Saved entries
Lemma sdepth_is_extension d :
  sdepth_is A' I' J' d <-> exists d', d = (d' + #|new_vars inj|)%N /\ sdepth_is A I J d'.
Proof.
rewrite sdepth_isE.
apply: iff_trans (is_maxn_shift has_sdec_depth_lift has_sdec_depth_restrict d) _.
by split=> -[d' [-> max_d']]; exists d'; split=> //; apply/sdepth_isE.
Qed.

End Extension.

Lemma new_vars_Some (V : finType) : new_vars (@Some V) = [set None].
Proof.
apply/setP => -[v|]; first by rewrite old_notin_new in_set1.
by rewrite in_set1 eqxx in_setC; apply/negP => /imsetP [].
Qed.

Lemma new_vars_inl (V : finType) (r : nat) : new_vars (@inl V 'I_r) = [set inr i | i : 'I_r].
Proof.
apply/setP => -[v|i]; first by rewrite old_notin_new; apply/esym/imsetP => -[].
by rewrite in_setC imset_f // ?inE //; apply/imsetP => -[].
Qed.

Lemma var_extension_poly (V : finType) (A : {set V}) I J :
  var_extension (@Some V) A (A_poly A) [set None] I J (ext_poly I) (ext_poly J).
Proof.
have extE K m : ext_poly K m <->
    K (fun v => m (Some v)) /\ (forall w, w \in [set None] -> 0 <= m w).
  split=> -[Km m_pos]; split=> //; first by move=> w; rewrite inE => /eqP ->.
  by apply: m_pos; rewrite inE.
split=> //; first by move=> v; rewrite mem_imset //; apply: Some_inj.
- by move=> w; rewrite new_vars_Some in_set1 => /eqP ->; apply/imsetP => -[].
- by rewrite new_vars_Some.
Qed.
(* Let $(m,Q)$ be a deformation pair of the lattice polytope $P$. Then the map $\xi_{(m,Q)}:\widetilde M\to\widetilde M$, $\xi_{(m,Q)}(h)=h-\eta_Q(\pi_M(h))\,m$, maps the monoid $S_P$ bijectively onto the monoid $S_{P_{(m,Q)}}$, with inverse $\xi_{(-m,Q)}$.
   Context: $N\cong\mathbb{Z}^n$, $M$ dual, $\widetilde M=M\oplus\mathbb{Z}$ with projections $\pi_M,\pi_{\mathbb{Z}}$. For a lattice polytope $P$: $\sigma$ the cone generated by $\{(v,1):v\in P\}$, $S_P=\sigma^\vee\cap\widetilde M$. For a polytope $Q$ and $c\in M$, $\eta_Q(c)=-\min_{v\in Q}\langle v,c\rangle$. $\varphi_m(n)=\langle\pi_M(m),n\rangle+\pi_{\mathbb{Z}}(m)$. A deformation pair $(m,Q)$ of $P$: $m\in\widetilde M$, $Q\subset\{n:\langle\pi_M(m),n\rangle=0\}$ a lattice polytope such that $iQ$ is a Minkowski summand of $P\cap(\varphi_m=i)$ for all $i\in\mathbb{N}$ with nonempty slice. Laurent polynomials are normalized (coefficient $1$ at vertices of the Newton polytope $\Delta$); $f$ is $(m,g)$-mutable if $f=\sum_if_i$ with $f_i$ supported on $(\varphi_m=i)\cap N$ and $g^i\mid f_i$ for $i\ge0$, and $\operatorname{mut}^g_mf=\sum_if_i/g^i$. $P_{(m,Q)}:=\Delta(\operatorname{mut}^g_mf)$ for any $f,g$ with $\Delta(f)=P$, $\Delta(g)=Q$, $f$ $(m,g)$-mutable (such exist and the result does not depend on the choice). *)

From HB Require Import structures.
From mathcomp Require Import all_boot all_order all_algebra.
From mathcomp Require Import finmap.
From mathcomp Require Import monalg.
From mathcomp Require Import reals.
Lemma is_DLD_setU1 V C x : is_DLD e V C -> x \in V -> is_DLD e V (x |: C).
Proof.
move=> /is_DLDP[_ CV dom sep] xV; apply/is_DLDP; split.
- by apply/set0Pn; exists x; rewrite setU11.
- by rewrite subUset sub1set xV.
- move=> v vV; rewrite in_setU1 negb_or => /andP[_ vC].
  have /set0Pn[y yv] := dom v vV vC; apply/set0Pn; exists y.
  by move: yv; rewrite !IcodeE in_setU1 => /andP[-> ->]; rewrite orbT.
- move=> a b aV bV; rewrite !in_setU1 !negb_or => /andP[_ aC] /andP[_ bC] ab.
  apply: contra (sep a b aV bV aC bC ab) => /subsetP sub.
  apply/subsetP => y ya; have := sub y.
  move: ya; rewrite !IcodeE !in_setU1 => /andP[-> yC].
  by rewrite yC orbT => /(_ isT)/andP[->].
Qed.

Lemma gammaDLD_le V C : is_DLD e V C -> gammaDLD e V <= #|C|.
Proof. by move=> VC; rewrite /gammaDLD -minEnat -leEnat; apply: bigmin_le_cond. Qed.

Lemma gammaDLD_witness V : V != set0 ->
  exists2 C, is_DLD e V C & gammaDLD e V = #|C|.
Proof.
move=> /is_DLD_self VV; rewrite /gammaDLD -minEnat (bigmin_eq_arg _ _ _ _ VV).
  by case: arg_minP => // C VC _; exists C.
by move=> C _; rewrite leEnat ltnW // ltnS max_card.
Qed.

Lemma gammaDLD_shift V W k : V != set0 -> W != set0 ->
  (forall C, is_DLD e V C -> exists2 D, is_DLD e W D & #|D| + k <= #|C|) ->
  (forall D, is_DLD e W D -> exists2 C, is_DLD e V C & #|C| <= #|D| + k) ->
  gammaDLD e W + k = gammaDLD e V.
Proof.
move=> V0 W0 shrink grow; apply/eqP; rewrite eqn_leq; apply/andP; split.
  have [C VC ->] := gammaDLD_witness V0; have [D WD le_DC] := shrink C VC.
  exact: leq_trans (leq_add (gammaDLD_le WD) (leqnn k)) le_DC.
have [D WD ->] := gammaDLD_witness W0; have [C VC le_CD] := grow D WD.
exact: leq_trans (gammaDLD_le VC) le_CD.
Qed.
Lemma vanish_below_deriv p : vanish_below N.+1 p -> vanish_below N p^`().
Proof. by move=> vp i lt_i; rewrite coef_deriv vp // mul0rn. Qed.

Lemma vanish_belowXM p : vanish_below N p -> vanish_below N.+1 ('X * p).
Proof. by move=> vp [|i] lt_i; rewrite coefXM //= vp. Qed.

Lemma vanish_belowXMK p : vanish_below N.+1 ('X * p) -> vanish_below N p.
Proof. by move=> vp i lt_i; have := vp i.+1 lt_i; rewrite coefXM. Qed.

Lemma vanish_below_cancel u p :
  u`_0 = 1 -> vanish_below N (u * p) -> vanish_below N p.
Proof.
move=> u0 vup i; elim/ltn_ind: i => i IH lt_i.
have := vup i lt_i; rewrite coefMr big_ord_recr /= subnn u0 mul1r.
by rewrite big1 ?add0r // => j _; rewrite IH ?mulr0 // (ltn_trans _ lt_i).
Qed.

End VanishBelow.

Definition riccati (p : {poly rat}) := 'X * p^`() - p - 'X * p + p * p.

Section RiccatiPowers.
Variables (p : {poly rat}) (K : nat).
Hypothesis p_riccati : vanish_below K (riccati p).

Lemma riccati_deriv_exp m :
  vanish_below K ('X * (p ^+ m.+1)^`() - (p ^+ m.+1 * (1 + 'X - p)) *+ m.+1).
Proof.
have -> : 'X * (p ^+ m.+1)^`() - (p ^+ m.+1 * (1 + 'X - p)) *+ m.+1 =
          (p ^+ m * riccati p) *+ m.+1.
  by rewrite deriv_exp /= exprS /riccati; move: (p ^+ m) (p^`()) => c dp; ring.
exact/vanish_belowMn/vanish_belowMl.
Qed.

Lemma riccati_coef_exp m : (m.+1 < K)%N ->
  (p ^+ m.+2)`_m.+1 = (p ^+ m.+1)`_m.
Proof.
move=> lt_m_K; have /(_ m.+1 lt_m_K) := riccati_deriv_exp m.
rewrite coefD coefN coef_XM_deriv coefMn mulrBr mulrDr mulr1 coefB coefD.
rewrite coefMX /= -exprSr.
move: (p ^+ m.+1)`_m.+1 (p ^+ m.+1)`_m (p ^+ m.+2)`_m.+1 => c1 c0 c2 eq0.
have : (c2 - c0) *+ m.+1 = 0 by rewrite -eq0; ring.
by move/eqP; rewrite mulrn_eq0 /= subr_eq0 => /eqP.
Qed.

Lemma riccati_coef_diag m : p`_0 = 1 -> (m < K)%N -> (p ^+ m.+1)`_m = 1.
Proof.
move=> p0; elim: m => [|m IH] lt_m_K; first by rewrite expr1.
by rewrite riccati_coef_exp // IH // ltnW.
Qed.

End RiccatiPowers.

Definition bern_poly N : {poly rat} := \poly_(i < N) bern_coef i.
Definition expm1_poly N : {poly rat} :=
  \poly_(i < N) (if i == 0%N then 0 else 1 / i`!%:R).
Definition expm1_divX_poly N : {poly rat} := \poly_(i < N) (1 / i.+1`!%:R).

Lemma expm1_polyS N : expm1_poly N.+1 = 'X * expm1_divX_poly N.
Proof. by apply/polyP => -[|i]; rewrite coefXM !coef_poly //= ltnS. Qed.

Section BernoulliRiccati.
Variable N : nat.
Local Notation b := (bern_poly N.+2).
Local Notation e := (expm1_poly N.+2).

Requirement: Set down only the lines from the line with "Definition expm1_poly N" through the last line of the data above, keeping both the first and the last.

Response for this exercise:
Definition expm1_poly N : {poly rat} :=
  \poly_(i < N) (if i == 0%N then 0 else 1 / i`!%:R).
Definition expm1_divX_poly N : {poly rat} := \poly_(i < N) (1 / i.+1`!%:R).

Lemma expm1_polyS N : expm1_poly N.+1 = 'X * expm1_divX_poly N.
Proof. by apply/polyP => -[|i]; rewrite coefXM !coef_poly //= ltnS. Qed.

Section BernoulliRiccati.
Variable N : nat.
Local Notation b := (bern_poly N.+2).
Local Notation e := (expm1_poly N.+2).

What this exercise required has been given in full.